1. Formal Framework and Mathematical Definition

Let $N = \{1, \dots, n\}$ denote the set of agents, and let $(c_i)_{i\in N}$ be nonnegative claims, weights, or contributions by each agent. Let $R$ be the total revenue to be allocated. The basic pro-rata rule assigns to each $i$ the share

$r_i = R \cdot \frac{c_i}{\sum_{j\in N} c_j}$

This rule applies identically in cases where $c_i$ carries semantic meaning as market share, audience, streams, sales, performance, or asset contributed to a pool.

Weighted versions generalize to

$r_i = R \cdot \frac{w_i c_i}{\sum_{j\in N} w_j c_j}$

where $w_i > 0$ are exogenous weights reflecting policy or institutional priorities (Bergantiños et al., 11 Dec 2025, Bergantiños et al., 2024).

In settings with structured “issues” (e.g., per-user, per-match, per-flight), the pro-rata rule appears as a one-stage or two-stage proportional allocation in multi-issue claims problems (Bergantiños et al., 2024, Bergantiños et al., 2023).

2. Axiomatic and Game-Theoretic Characterization

Pro-rata sharing is uniquely determined by a small set of classical axioms:

Homogeneity (Scale Invariance): Scaling all $c_i$ or $R$ multiplies each $r_i$ accordingly.
Additivity: For any two revenue pools, sharing each one pro-rata and summing the allocations equals sharing their sum pro-rata.
Resource Monotonicity: More total revenue yields weakly higher shares for each agent.
Null/Zero Principle: Agents with zero $c_i$ receive zero share.
Equal Treatment of Equals: Equal $c_i$ yield equal $r_i$ for any pair of agents (Bergantiños et al., 2023, Bergantiños et al., 11 Dec 2025, Bergantiños et al., 2024, Bergantiños et al., 5 Jan 2026).

For settings with per-issue claims, additivity and scale-invariance extend to multi-issue formulations.
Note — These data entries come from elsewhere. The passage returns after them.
(* Let $I(x,y)=U(N(x),y)$ where $U$ is a disjunctive uninorm with neutral element $e\in\,]0,1[$ and $N$ is a continuous fuzzy negation. Then the pairs $(U^*,N^* )$, with $U^*$ a disjunctive uninorm with neutral element in $]0,1[$ and $N^*$ a continuous fuzzy negation, satisfying $I(x,y)=U^*(N^*(x),y)$ for all $x,y$, are exactly the pairs $$N^*=N_I^{\alpha},\qquad U^*(x,y)=I(\mathfrak{R}_{N_I^{\alpha}}(x),y)\quad(x,y\in[0,1]),$$ where $\alpha\in\,]0,1[$ is such that the horizontal cut $N_I^\alpha=I(\cdot,\alpha)$ is a continuous fuzzy negation (and then $\alpha$ is the neutral element of $U^*$). In particular $\alpha=e$ fulfills this condition, and the representation of $I$ is unique if and only if $I(\cdot,e)$ is the only horizontal cut $I(\cdot,\alpha)$, $\alpha\in\,]0,1[$, which is a continuous fuzzy negation.
   Context: A fuzzy negation is a non-increasing map $N:[0,1]\to[0,1]$ with $N(0)=1$, $N(1)=0$. A uninorm is a map $U:[0,1]^2\to[0,1]$ that is commutative, associative, non-decreasing in each variable, and has a neutral element $e\in[0,1]$. A uninorm is disjunctive if $U(1,0)=1$. For $\alpha\in[0,1[$, $N_I^\alpha(x)=I(x,\alpha)$. For a fuzzy negation $M$, the modified pseudo-inverse is $\mathfrak{R}_M(0)=1$ and $\mathfrak{R}_M(x)=\sup\{y\in[0,1]: M(y)>x\}$ for $x\in\,]0,1]$. *)

From Stdlib Require Import Reals.
From Coquelicot Require Import Coquelicot.
Open Scope R_scope.

(* Functions are R -> R (resp. R -> R -> R); only their values on [0,1]
   (resp. [0,1]^2) are relevant. *)
Definition in01 (x : R) : Prop := 0 <= x <= 1.

Definition fuzzy_negation (N : R -> R) : Prop :=
  (forall x, in01 x -> in01 (N x)) /\
  (forall x y, in01 x -> in01 y -> x <= y -> N y <= N x) /\
  N 0 = 1 /\ N 1 = 0.

Definition continuous01 (N : R -> R) : Prop :=
  forall x, in01 x -> forall eps, 0 < eps -> exists delta, 0 < delta /\
    forall y, in01 y -> Rabs (y - x) < delta -> Rabs (N y - N x) < eps.

Definition cont_fuzzy_negation (N : R -> R) : Prop :=
  fuzzy_negation N /\ continuous01 N.

Definition uninorm (U : R -> R -> R) (e : R) : Prop :=
  in01 e /\
  (forall x y, in01 x -> in01 y -> in01 (U x y)) /\
  (forall x y, in01 x -> in01 y -> U x y = U y x) /\
  (forall x y z, in01 x -> in01 y -> in01 z -> U x (U y z) = U (U x y) z) /\
  (forall x x' y, in01 x -> in01 x' -> in01 y -> x <= x' -> U x y <= U x' y) /\
  (forall x y y', in01 x -> in01 y -> in01 y' -> y <= y' -> U x y <= U x y') /\
  (forall x, in01 x -> U e x = x).

Definition disjunctive (U : R -> R -> R) : Prop := U 1 0 = 1.

Definition hcut (I : R -> R -> R) (alpha : R) : R -> R := fun x => I x alpha.

(* modified pseudo-inverse: R_M(0) = 1, R_M(x) = sup {y in [0,1] | M y > x}
   for x in ]0,1]; an empty set gives 0 (real m_infty = 0). *)
Definition mod_pseudo_inv (M : R -> R) (x : R) : R :=
  if Req_EM_T x 0 then 1
  else real (Lub_Rbar (fun y => 0 <= y <= 1 /\ x < M y)).

Definition represents (I : R -> R -> R) (U' : R -> R -> R) (N' : R -> R) : Prop :=
  forall x y, in01 x -> in01 y -> I x y = U' (N' x) y.

Definition admissible_pair (U' : R -> R -> R) (e' : R) (N' : R -> R) : Prop :=
  0 < e' < 1 /\ uninorm U' e' /\ disjunctive U' /\ cont_fuzzy_negation N'.

From Stdlib Require Import Reals Lra.
From Coquelicot Require Import Coquelicot.
Open Scope R_scope.

(* If I(x,y) = U'(N'(x),y), then the horizontal cut of I at the neutral element e'
   of U' is N' itself, so N' is forced and U' is recovered on [0,1] through the
   modified pseudo-inverse, which is a right inverse of any continuous fuzzy
   negation.  Conversely, if the cut M = I(.,alpha) is a continuous negation,
   put phi = N o R_M: then U(phi x, alpha) = x, and since U(t, alpha) = e for
   t = phi e, the whole row U(a,.) is determined by U(a, alpha); this transports
   commutativity, associativity, monotonicity and neutrality of U to
   U*(x,y) = U(phi x, y), with neutral element alpha.  Two representations have
   equal uninorms, hence equal neutral elements, which gives the uniqueness
   criterion. *)

Lemma cont_fuzzy_negation_ext (F G : R -> R) :
  cont_fuzzy_negation G -> (forall x, in01 x -> F x = G x) ->
  cont_fuzzy_negation F.
Proof.
  intros [[G01 [Gmono [G0 G1]]] Gcont] FG.
  assert (in01_0 : in01 0) by (unfold in01; lra).
  assert (in01_1 : in01 1) by (unfold in01; lra).
  split; [split; [|split; [|split]]|].
  - intros x hx. rewrite FG by exact hx. auto.
  - intros x y hx hy hxy. rewrite !FG by assumption. auto.
  - rewrite FG by exact in01_0. exact G0.
  - rewrite FG by exact in01_1. exact G1.
  - intros x hx eps heps. destruct (Gcont x hx eps heps) as [d [hd Hd]].
    exists d. split; [exact hd|].
    intros y hy hyx. rewrite !FG by assumption. auto.
Qed.

Section ModPseudoInverse.

Variable M : R -> R.
Hypothesis HM : cont_fuzzy_negation M.

Definition upper_level_set (x : R) : R -> Prop := fun y => 0 <= y <= 1 /\ x < M y.

Lemma upper_level_set_lub (x : R) : 0 < x < 1 ->
  exists s, Lub_Rbar (upper_level_set x) = Finite s /\ in01 s.
Proof.
  intros hx. destruct HM as [[_ [_ [M0 _]]] _].
  destruct (Lub_Rbar_correct (upper_level_set x)) as [ub lub].
  assert (zero_in : upper_level_set x 0) by (unfold upper_level_set; rewrite M0; lra).
  assert (le1 : Rbar_le (Lub_Rbar (upper_level_set x)) 1).
  { apply lub. intros y [hy _]. simpl. lra. }
  assert (ge0 := ub 0 zero_in).
  destruct (Lub_Rbar (upper_level_set x)) as [s| |]; simpl in le1, ge0; try contradiction.
  exists s. split; [reflexivity | unfold in01; lra].
Qed.

Section LevelSup.

Variables (x s : R).
Hypothesis hx : 0 < x < 1.
Hypothesis hs : in01 s.
Hypothesis s_lub : is_lub_Rbar (upper_level_set x) s.

(* Left continuity at s: otherwise s - delta would already bound the level set. *)
Lemma level_sup_ge : x <= M s.
Proof.
  destruct HM as [_ Mcont]. destruct s_lub as [ub lub].
  apply Rnot_lt_le. intros Ms_lt.
  destruct (Mcont s hs (x - M s)) as [d [hd Hd]]; [lra|].
  assert (bound : Rbar_le s (s - d)).
  { apply lub. intros y Ey. simpl.
    destruct (Rle_dec y (s - d)) as [h|h]; [exact h|exfalso].
    assert (ys := ub y Ey). simpl in ys.
    destruct Ey as [hy01 hMy].
    assert (close : Rabs (y - s) < d) by (apply Rabs_def1; lra).
    specialize (Hd y hy01 close). apply Rabs_def2 in Hd. lra. }
  simpl in bound. lra.
Qed.

(* Right continuity at s: otherwise points slightly above s lie in the level set. *)
Lemma level_sup_le : M s <= x.
Proof.
  destruct HM as [[_ [_ [_ M1]]] Mcont]. destruct s_lub as [ub _].
  apply Rnot_lt_le. intros Ms_gt.
  assert (s_lt_1 : s < 1).
  { destruct (Req_dec s 1) as [->|h]; [rewrite M1 in Ms_gt; lra | unfold in01 in hs; lra]. }
  destruct (Mcont s hs (M s - x)) as [d [hd Hd]]; [lra|].
  set (y := Rmin (s + d / 2) 1).
  assert (y_le : y <= s + d / 2 /\ y <= 1) by (split; [apply Rmin_l | apply Rmin_r]).
  assert (y_gt : s < y) by (unfold y; apply Rmin_case; lra).
  assert (hy01 : in01 y) by (unfold in01 in *; lra).
  assert (close : Rabs (y - s) < d) by (apply Rabs_def1; lra).
  specialize (Hd y hy01 close). apply Rabs_def2 in Hd.
  assert (Ey : upper_level_set x y) by (split; [exact hy01 | lra]).
  assert (ys := ub y Ey). simpl in ys. lra.
Qed.

End LevelSup.

Lemma mod_pseudo_inv_spec (x : R) : in01 x ->
  in01 (mod_pseudo_inv M x) /\ M (mod_pseudo_inv M x) = x.
Proof.
  intros hx. pose proof HM as [[M01 [_ [M0 M1]]] _].
  unfold mod_pseudo_inv. destruct (Req_EM_T x 0) as [->|hx0].
  { split; [unfold in01; lra | exact M1]. }
  fold (upper_level_set x).
  destruct (Req_dec x 1) as [->|hx1].
  - assert (empty : Lub_Rbar (upper_level_set 1) = m_infty).
    { apply is_lub_Rbar_unique. split.
      - intros y [hy hMy]. exfalso.
        assert (h := M01 y hy). unfold in01 in h. lra.
      - intros l _. destruct l; simpl; trivial. }
    rewrite empty. simpl. split; [unfold in01; lra | exact M0].
  - assert (hx' : 0 < x < 1) by (unfold in01 in hx; lra).
    destruct (upper_level_set_lub x hx') as [s [Hs hs]].
    assert (s_lub : is_lub_Rbar (upper_level_set x) s)
      by (rewrite <- Hs; apply Lub_Rbar_correct).
    rewrite Hs. simpl. split; [exact hs|].
    apply Rle_antisym; [apply (level_sup_le x) | apply (level_sup_ge x)]; assumption.
Qed.

End ModPseudoInverse.

Lemma uninorm_neutral_unique (U1 U2 : R -> R -> R) (e1 e2 : R) :
  uninorm U1 e1 -> uninorm U2 e2 ->
  (forall x y, in01 x -> in01 y -> U1 x y = U2 x y) -> e1 = e2.
Proof.
  intros [he1 [_ [comm1 [_ [_ [_ neutral1]]]]]] [he2 [_ [_ [_ [_ [_ neutral2]]]]]] U12.
  rewrite <- (neutral1 e2 he2), comm1, U12, neutral2 by assumption. reflexivity.
Qed.

Section CutSection.

Variables (U : R -> R -> R) (e alpha : R) (phi : R -> R).
Hypothesis HU : uninorm U e.
Hypothesis halpha : in01 alpha.
Hypothesis phi_in01 : forall x, in01 x -> in01 (phi x).
Hypothesis phi_section : forall x, in01 x -> U (phi x) alpha = x.

(* U(a, y) = U(U(a, alpha), U(phi e, y)) because U(phi e, alpha) = e. *)
Lemma row_determined_by_cut (a b : R) : in01 a -> in01 b ->
  U a alpha = U b alpha -> forall y, in01 y -> U a y = U b y.
Proof.
  destruct HU as [he [U01 [comm [assoc [_ [_ neutral]]]]]].
  assert (through_cut : forall c y, in01 c -> in01 y ->
            U c y = U (U c alpha) (U (phi e) y)).
  { intros c y hc hy.
    rewrite <- (neutral y hy) at 1. rewrite <- (phi_section e he) at 1.
    rewrite (comm (phi e) alpha), <- (assoc alpha (phi e) y), (assoc c alpha)
      by auto.
    reflexivity. }
  intros ha hb hab y hy. rewrite (through_cut a y), (through_cut b y), hab by auto.
  reflexivity.
Qed.

Lemma row_through_section (a y : R) : in01 a -> in01 y ->
  U a y = U (phi (U a alpha)) y.
Proof.
  destruct HU as [_ [U01 _]]. intros ha hy.
  apply row_determined_by_cut; auto. rewrite phi_section by auto. reflexivity.
Qed.

Lemma section_uninorm : uninorm (fun x y => U (phi x) y) alpha.
Proof.
  destruct HU as [he [U01 [comm [assoc [mono_l [mono_r neutral]]]]]].
  split; [exact halpha | split; [|split; [|split; [|split; [|split]]]]].
  - intros x y hx hy. auto.
  - intros x y hx hy.
    rewrite <- (phi_section y hy) at 1.
    rewrite assoc, (comm (phi x)), <- assoc, phi_section by auto.
    reflexivity.
  - intros x y z hx hy hz.
    rewrite assoc by auto. symmetry. apply row_determined_by_cut; auto.
    rewrite <- assoc, !phi_section by auto. reflexivity.
  - intros x x' y hx hx' hy hxx'.
    apply mono_l; auto.
    destruct (Rle_lt_dec (phi x) (phi x')) as [h|h]; [exact h|].
    destruct (Req_dec x x') as [<-|hne]; [lra|].
    assert (cut_le : U (phi x') alpha <= U (phi x) alpha) by (apply mono_l; auto; lra).
    rewrite !phi_section in cut_le by auto. lra.
  - intros x y y' hx hy hy' hyy'. auto.
  - intros x hx. rewrite (row_determined_by_cut (phi alpha) e); auto.
    rewrite phi_section, neutral by auto. reflexivity.
Qed.

Lemma section_disjunctive : disjunctive U -> disjunctive (fun x y => U (phi x) y).
Proof.
  destruct HU as [_ [U01 [_ [_ [_ [mono_r _]]]]]].
  unfold disjunctive. intros U10.
  assert (in01_0 : in01 0) by (unfold in01; lra).
  assert (in01_1 : in01 1) by (unfold in01; lra).
  assert (U1alpha : U 1 alpha = 1).
  { assert (U 1 0 <= U 1 alpha) by (apply mono_r; auto; apply halpha).
    assert (h := U01 1 alpha in01_1 halpha). unfold in01 in h. lra. }
  rewrite (row_determined_by_cut (phi 1) 1), U10 by (rewrite ?phi_section; auto).
  reflexivity.
Qed.

End CutSection.

Lemma represents_cut_at_neutral (I U' : R -> R -> R) (e' : R) (N' : R -> R) :
  uninorm U' e' -> cont_fuzzy_negation N' -> represents I U' N' ->
  cont_fuzzy_negation (hcut I e') /\
  (forall x, in01 x -> N' x = hcut I e' x) /\
  (forall x y, in01 x -> in01 y -> U' x y = I (mod_pseudo_inv (hcut I e') x) y).
Proof.
  intros [he [_ [comm [_ [_ [_ neutral]]]]]] HN HI.
  assert (N'01 : forall x, in01 x -> in01 (N' x)) by apply HN.
  assert (cut_N' : forall x, in01 x -> hcut I e' x = N' x).
  { intros x hx. unfold hcut. rewrite HI, comm, neutral by auto. reflexivity. }
  assert (Hcut : cont_fuzzy_negation (hcut I e'))
    by exact (cont_fuzzy_negation_ext _ N' HN cut_N').
  split; [exact Hcut | split].
  - intros x hx. symmetry. auto.
  - intros x y hx hy. destruct (mod_pseudo_inv_spec _ Hcut x hx) as [h01 hinv].
    rewrite HI, <- cut_N', hinv by auto. reflexivity.
Qed.

Lemma represents_by_cut (U : R -> R -> R) (e : R) (N : R -> R) (alpha : R) :
  uninorm U e -> disjunctive U -> (forall x, in01 x -> in01 (N x)) ->
  0 < alpha < 1 ->
  let I := fun x y => U (N x) y in
  cont_fuzzy_negation (hcut I alpha) ->
  admissible_pair (fun x y => I (mod_pseudo_inv (hcut I alpha) x) y) alpha (hcut I alpha) /\
  represents I (fun x y => I (mod_pseudo_inv (hcut I alpha) x) y) (hcut I alpha).
Proof.
  intros HU Hd N01 halpha I Hcut.
  assert (halpha01 : in01 alpha) by (unfold in01; lra).
  set (phi := fun x => N (mod_pseudo_inv (hcut I alpha) x)).
  assert (phi_in01 : forall x, in01 x -> in01 (phi x))
    by (intros x hx; apply N01, (mod_pseudo_inv_spec _ Hcut x hx)).
  assert (phi_section : forall x, in01 x -> U (phi x) alpha = x)
    by (intros x hx; apply (mod_pseudo_inv_spec _ Hcut x hx)).
  split; [split; [exact halpha | split; [|split; [|exact Hcut]]]|].
  - exact (section_uninorm U e alpha phi HU halpha01 phi_in01 phi_section).
  - exact (section_disjunctive U e alpha phi HU halpha01 phi_in01 phi_section Hd).
  - intros x y hx hy.
    exact (row_through_section U e alpha phi HU halpha01 phi_in01 phi_section
             (N x) y (N01 x hx) hy).
Qed.

Theorem mainTheorem5 (U : R -> R -> R) (e : R) (N : R -> R) :
  0 < e < 1 -> uninorm U e -> disjunctive U -> cont_fuzzy_negation N ->
  let I := fun x y => U (N x) y in
  (forall (U' : R -> R -> R) (e' : R) (N' : R -> R),
     admissible_pair U' e' N' -> represents I U' N' ->
     cont_fuzzy_negation (hcut I e') /\
     (forall x, in01 x -> N' x = hcut I e' x) /\
     (forall x y, in01 x -> in01 y ->
        U' x y = I (mod_pseudo_inv (hcut I e') x) y)) /\
  (forall alpha, 0 < alpha < 1 -> cont_fuzzy_negation (hcut I alpha) ->
     admissible_pair (fun x y => I (mod_pseudo_inv (hcut I alpha) x) y) alpha
                     (hcut I alpha) /\
     represents I (fun x y => I (mod_pseudo_inv (hcut I alpha) x) y) (hcut I alpha)) /\
  cont_fuzzy_negation (hcut I e) /\
  ((forall (U1 : R -> R -> R) (e1 : R) (N1 : R -> R)
           (U2 : R -> R -> R) (e2 : R) (N2 : R -> R),
      admissible_pair U1 e1 N1 -> represents I U1 N1 ->
      admissible_pair U2 e2 N2 -> represents I U2 N2 ->
      (forall x, in01 x -> N1 x = N2 x) /\
      (forall x y, in01 x -> in01 y -> U1 x y = U2 x y))
   <->
   (forall alpha, 0 < alpha < 1 -> cont_fuzzy_negation (hcut I alpha) -> alpha = e)).
Proof.
  intros he HU Hd HN I.
  assert (N01 : forall x, in01 x -> in01 (N x)) by apply HN.
  assert (from_pair := fun U' e' N' (A : admissible_pair U' e' N') =>
            represents_cut_at_neutral I U' e' N' (proj1 (proj2 A)) (proj2 (proj2 (proj2 A)))).
  assert (Hcut_e : cont_fuzzy_negation (hcut I e))
    by exact (proj1 (represents_cut_at_neutral I U e N HU HN (fun x y _ _ => eq_refl))).
  assert (by_cut := fun alpha => represents_by_cut U e N alpha HU Hd N01).
  split; [exact from_pair | split; [exact by_cut | split; [exact Hcut_e | split]]].
  - intros unique alpha halpha Hcut.
    destruct (by_cut alpha halpha Hcut) as [A_alpha R_alpha].
    destruct (by_cut e he Hcut_e) as [A_e R_e].
    destruct (unique _ _ _ _ _ _ A_alpha R_alpha A_e R_e) as [_ same_U].
    exact (uninorm_neutral_unique _ _ _ _ (proj1 (proj2 A_alpha)) (proj1 (proj2 A_e)) same_U).
  - intros cut_neutral U1 e1 N1 U2 e2 N2 A1 R1 A2 R2.
    destruct (from_pair U1 e1 N1 A1 R1) as [C1 [EN1 EU1]].
    destruct (from_pair U2 e2 N2 A2 R2) as [C2 [EN2 EU2]].
    rewrite (cut_neutral e1 (proj1 A1) C1) in EN1, EU1.
    rewrite (cut_neutral e2 (proj1 A2) C2) in EN2, EU2.
    split; intros; rewrite ?EN1, ?EN2, ?EU1, ?EU2 by assumption; reflexivity.
Qed.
In the music streaming and sports broadcasting settings, axiomatic results show that pro-rata is the unique rule satisfying natural consistency and impartiality criteria (Bergantiños et al., 5 Jan 2026, Bergantiños et al., 2023, Bergantiños et al., 2024).

Cooperative game-theoretic analysis connects the pro-rata rule to the Shapley value and the core in particular transferable-utility games. In sports broadcasting, pro-rata coincides with the Shapley value for the convex TU game defined by audience matrices (Bergantiños et al., 5 Jan 2026). For general streaming problems, pro-rata typically lies outside the cooperative game core, in contrast to user-centric rules (Bergantiños et al., 2023).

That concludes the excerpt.